🔐 Securing SSH Access to Proxmox with a Dedicated Admin User - myomaniac/myomaniaclab GitHub Wiki

This guide explains how to securely create a non-root system user for SSH access to your Proxmox host, set up key-based login from a separate Linux client (like WSL), and lock down root and password access to prevent unauthorized logins.

🧠 What This Secures

  • Blocks root login over SSH
  • Prevents password-based login (key-only access)
  • Only your secure user can connect
  • Full sudo access without needing root account

✅ Step 1: Create a Dedicated User

On your Proxmox server:

adduser <your-admin-user>

Follow the prompts to create a new system account.
Set a strong password (even if not used later).

✅ Step 2: Install sudo and Grant Admin Rights

Still on Proxmox (as root):

nala install sudo -y
usermod -aG sudo <your-admin-user>

This allows the new user to run sudo commands.

✅ Step 3: Generate SSH Key on Your Client Machine

On your secure local machine (e.g., WSL/Linux/macOS):

ssh-keygen -t ed25519 -f ~/.ssh/<your-key-name> -C "<your-admin-user>@proxmox"

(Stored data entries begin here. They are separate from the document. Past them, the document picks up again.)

(* The n eigenspaces are nonzero and form a direct sum inside K^n. *)
Lemma mxrank_eigenspace_le1 l : (\rank (eigenspace M (th l)) <= 1)%N.
Proof.
case: hM => th_inj th_eig.
have /mxdirectP /= dsum := @mxdirect_sum_eigenspace _ _ _ M predT th (in2W th_inj).
have := rank_leq_col (\sum_i eigenspace M (th i))%MS.
rewrite dsum (bigD1 l) //=.
have : (\sum_(i < n | i != l) 1 <= \sum_(i < n | i != l) \rank (eigenspace M (th i)))%N.
  by apply: leq_sum => i _; rewrite lt0n mxrank_eq0; apply: th_eig.
rewrite sum1_card cardC1 card_ord /=.
set r := (\sum_(i < n | _) _)%N => ge_r le_r.
by rewrite -(leq_add2r r) (leq_trans le_r) // add1n ltnS.
Qed.

End MultiplicityFree.

Section PrimitiveIdempotents.
Variables (K : fieldType) (d : nat) (M : 'M[K]_d.+1) (th : 'I_d.+1 -> K).
Hypothesis hM : eig_ordering M th.
Local Notation n := d.+1.
Local Notation E := (prim_idem M th).

Definition lagrange_poly (l : 'I_n) : {poly K} :=
  \prod_(j < n | j != l) ((th l - th j)^-1 *: ('X - (th j)%:P)).

Lemma horner_mx_lagrange l : horner_mx M (lagrange_poly l) = E l.
Proof.
rewrite /lagrange_poly /prim_idem rmorph_prod; apply: eq_bigr => j _.
by rewrite /= horner_mxZ rmorphB /= horner_mx_X horner_mx_C.
Qed.

Lemma lagrange_poly_eval l m : (lagrange_poly l).[th m] = (m == l)%:R.
Proof.
have th_inj := proj1 hM.
rewrite /lagrange_poly horner_prod; have [->|/negPf ml] := eqVneq m l.
  rewrite big1 // => j jl; rewrite hornerZ hornerXsubC mulVf // subr_eq0.
  by apply: contra jl => /eqP/th_inj ->.
by rewrite (bigD1 m) ?ml //= hornerZ hornerXsubC subrr mulr0 mul0r.
Qed.

Lemma sum_prim_idem : \sum_l E l = 1.
Proof.
have : horner_mx M (\sum_l lagrange_poly l - 1) = 0.
  apply: (horner_mx_eq0 hM) => m; apply/rootP.
  rewrite hornerD hornerN horner_sum hornerC (bigD1 m) //= lagrange_poly_eval eqxx.
  rewrite big1 ?addr0 ?subrr // => l lm.
  by rewrite lagrange_poly_eval eq_sym (negPf lm).
rewrite rmorphB rmorph_sum rmorph1 /= => /eqP; rewrite subr_eq0 => /eqP <-.
by apply: eq_bigr => l _; rewrite horner_mx_lagrange.
Qed.

Lemma prim_idem_comm c l : (M - c%:M) * E l = E l * (M - c%:M).
Proof.
rewrite -horner_mx_lagrange; apply: comm_mx_horner; apply: comm_mx_sym.
exact: comm_mxB (comm_mx_refl M) (comm_mx_scalar c M).
Qed.

Lemma prim_idem_eigen l : (M - (th l)%:M) * E l = 0.
Proof.
have -> : M - (th l)%:M = horner_mx M ('X - (th l)%:P).
  by rewrite rmorphB /= horner_mx_X horner_mx_C.
rewrite -horner_mx_lagrange -rmorphM; apply: (horner_mx_eq0 hM) => m.
rewrite rootM root_XsubC; have [->|ml] := eqVneq m l; first by rewrite eqxx.
by rewrite /root lagrange_poly_eval (negPf ml) eqxx orbT.
Qed.

Lemma mxrank_prim_idem l : (\rank (E l) <= 1)%N.
Proof.
apply: leq_trans (mxrank_eigenspace_le1 hM l); apply: mxrankS; apply/eigenspaceP.
apply/eqP; rewrite -subr_eq0 -mul_mx_scalar -mulmxBr mulmxE -prim_idem_comm.
by rewrite prim_idem_eigen.
Qed.

(* E_l W is killed by M - th_l, and also by M - th_h since E_l commutes with M. *)
Lemma act_prim_idem_eq0 h l (W Z : 'M[K]_n) :
  h != l -> (act (M - (th h)%:M) W <= Z)%MS -> act (E l) Z = 0 ->
  act (E l) W = 0.
Proof.
move=> hl WZ EZ; set Y := act (E l) W.
have /eqP : act (M - (th h)%:M) Y = 0.
  by apply/eqP; rewrite /Y -actM prim_idem_comm actM -submx0 -EZ actS.
rewrite act_subC subr_eq0 => /eqP MY.
have : act (M - (th l)%:M) Y = 0 by rewrite /Y -actM prim_idem_eigen /act trmx0 mulmx0.
rewrite act_subC MY -scalerBl => /eqP; rewrite scaler_eq0 subr_eq0.
case/orP => [/eqP/(proj1 hM) hl'|/eqP //].
by rewrite hl' eqxx in hl.
Qed.

Lemma act_prim_idem_lowering (X : nat -> 'M[K]_n) (o : nat -> 'I_n) (N : nat) :
  act (M - (th (o 0%N))%:M) (X 0%N) = 0 ->
  (forall k, (0 < k <= N)%N -> (act (M - (th (o k))%:M) (X k) <= X k.-1)%MS) ->
  forall k l, (k <= N)%N -> (forall j, (j <= k)%N -> o j != l) ->
  act (E l) (X k) = 0.
Proof.
move=> X0 Xs; elim=> [|k IHk] l le_kN ol.
  by apply: (act_prim_idem_eq0 (Z := 0) (ol _ (leqnn _))); rewrite ?X0 ?act0.
apply: (act_prim_idem_eq0 (ol _ (leqnn _)) (Xs k.+1 le_kN)).
by apply: IHk => [|j le_jk]; [exact: ltnW | exact/ol/leqW].
Qed.

End PrimitiveIdempotents.

Section Decomposition.
Variables (K : fieldType) (d : nat) (U : 'I_d.+1 -> 'M[K]_d.+1).
Hypothesis hU : decomposition U.
Local Notation n := d.+1.

Lemma mxrank_sumsmx_le (P : pred 'I_n) (F : 'I_n -> 'M[K]_n) :
  (\rank (\sum_(h | P h) F h) <= \sum_(h | P h) \rank (F h))%N.
Proof. exact: (mxrank_sum_leqif _).1. Qed.

Lemma mxrank_sumsmx_decomposition (P : pred 'I_n) :
  \rank (\sum_(h | P h) U h) = #|P|.
Proof.
case: hU => rkU fullU _.
have le_card (Q : pred 'I_n) : (\rank (\sum_(h | Q h) U h) <= #|Q|)%N.
  by rewrite (leq_trans (mxrank_sumsmx_le _ _)) // -sum1_card leq_sum // => h _; rewrite rkU.
have splitU : (\sum_h U h = \sum_(h | P h) U h + \sum_(h | ~~ P h) U h)%MS.
  exact: bigID.
have := mxrank_adds_leqif (\sum_(h | P h) U h)%MS (\sum_(h | ~~ P h) U h)%MS.
rewrite -splitU (eqmx_rank fullU) mxrank1 => -[le_n _].
apply/eqP; rewrite eqn_leq le_card -(leq_add2r #|[predC P]|) cardC card_ord.
by rewrite (leq_trans le_n) // leq_add2l (le_card [predC P]).
Qed.

Lemma sumsmx_decomposition_prim_idem (M : 'M[K]_n) (th : 'I_n -> K)
    (P : pred 'I_n) :
  eig_ordering M th ->
  (forall h l, P h -> ~~ P l -> act (prim_idem M th l) (U h) = 0) ->
  (\sum_(h | P h) U h == \sum_(h | P h) act (prim_idem M th h) (Vfull K n))%MS.
Proof.
move=> hM EU0.
have sub_idem : (\sum_(h | P h) U h <= \sum_(h | P h) act (prim_idem M th h) (Vfull K n))%MS.
  apply/sumsmx_subP => h Ph.
  rewrite -[U h]act1 -(sum_prim_idem hM) act_sumr; apply: summx_sub => l _.
  have [Pl|nPl] := boolP (P l); last by rewrite EU0 ?sub0mx.
  by apply: (sumsmx_sup l) => //; apply/actS/submx1.
apply/andP; split => //; rewrite -(mxrank_leqif_sup sub_idem) eqn_leq.
rewrite (mxrankS sub_idem) /= mxrank_sumsmx_decomposition.
rewrite (leq_trans (mxrank_sumsmx_le _ _)) // -sum1_card.
by apply: leq_sum => h _; rewrite act_Vfull mxrank_tr mxrank_prim_idem.
Qed.

Lemma capmx_sumsmx_decomposition (P Q : pred 'I_n) :
  ((\sum_(h | P h) U h) :&: (\sum_(h | Q h) U h) == \sum_(h | P h && Q h) U h)%MS.
Proof.
set SP := (\sum_(h | P h) U h)%MS; set SQ := (\sum_(h | Q h) U h)%MS.
have sub_cap : (\sum_(h | P h && Q h) U h <= SP :&: SQ)%MS.
  by apply/sumsmx_subP => h /andP[Ph Qh]; rewrite sub_capmx !(sumsmx_sup h).
have addsPQ : (SP + SQ == \sum_(h | P h || Q h) U h)%MS.
  apply/andP; split.
    by rewrite addsmx_sub; apply/andP; split; apply/sumsmx_subP => h Ph;
      apply: (sumsmx_sup h); rewrite ?Ph ?orbT.
  apply/sumsmx_subP => h /orP[Ph|Qh].
    by apply: submx_trans (addsmxSl _ _); apply: (sumsmx_sup h).
  by apply: submx_trans (addsmxSr _ _); apply: (sumsmx_sup h).
apply/andP; split => //; rewrite -(mxrank_leqif_sup sub_cap).
have := mxrank_sum_cap SP SQ; rewrite (eqmx_rank addsPQ).
rewrite !mxrank_sumsmx_decomposition -(cardUI P Q) => /eqP.
by rewrite eqn_add2l eq_sym.
Qed.

End Decomposition.

Lemma big_ord_leq (R : Type) (idx : R) (op : R -> R -> R) (F : nat -> R) m i :
  (i < m)%N -> \big[op/idx]_(h < m | (h <= i)%N) F h = \big[op/idx]_(h < i.+1) F h.
Proof.
move=> lt_im; rewrite -(big_mkord (fun h => h <= i)%N) -(big_mkord xpredT).
by rewrite (big_nat_widen 0 _ _ _ _ lt_im).
Qed.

This generates a key pair:

  • ~/.ssh/<your-key-name> (private)
  • ~/.ssh/<your-key-name>.pub (public)

✅ Step 4: Install Public Key on Proxmox

Run from the client:

ssh-copy-id -i ~/.ssh/<your-key-name>.pub <your-admin-user>@<your-proxmox-ip>

🧠 If that fails, manually:

  1. Copy the contents of ~/.ssh/<your-key-name>.pub
  2. On Proxmox:
mkdir -p /home/<your-admin-user>/.ssh
nano /home/<your-admin-user>/.ssh/authorized_keys

Paste the public key, then:

chmod 700 /home/<your-admin-user>/.ssh
chmod 600 /home/<your-admin-user>/.ssh/authorized_keys
chown -R <your-admin-user>:<your-admin-user> /home/<your-admin-user>/.ssh

✅ Step 5: Test SSH Access

From your client:

ssh -i ~/.ssh/<your-key-name> <your-admin-user>@<your-proxmox-ip>

You should log in without entering a password.

✅ Step 6: Harden SSH Configuration

On Proxmox, edit:

sudo nano /etc/ssh/sshd_config

Update/add:

PermitRootLogin no
PasswordAuthentication no
PermitEmptyPasswords no
AllowUsers <your-admin-user>

Save and restart SSH:

sudo systemctl restart ssh

✅ Step 7: Confirm Final Access

Try logging in again:

ssh -i ~/.ssh/<your-key-name> <your-admin-user>@<your-proxmox-ip>

Only that user and key should now work.
No one can log in as root or use a password.

🔒 Summary

You’ve now:

  • Replaced root SSH with a secure system user
  • Enforced SSH key-only access
  • Locked out password and brute-force attacks
  • Set up full sudo control from a safe account

✅ Next Step: Enable firewall, setup fail2ban, or document this in your security wiki.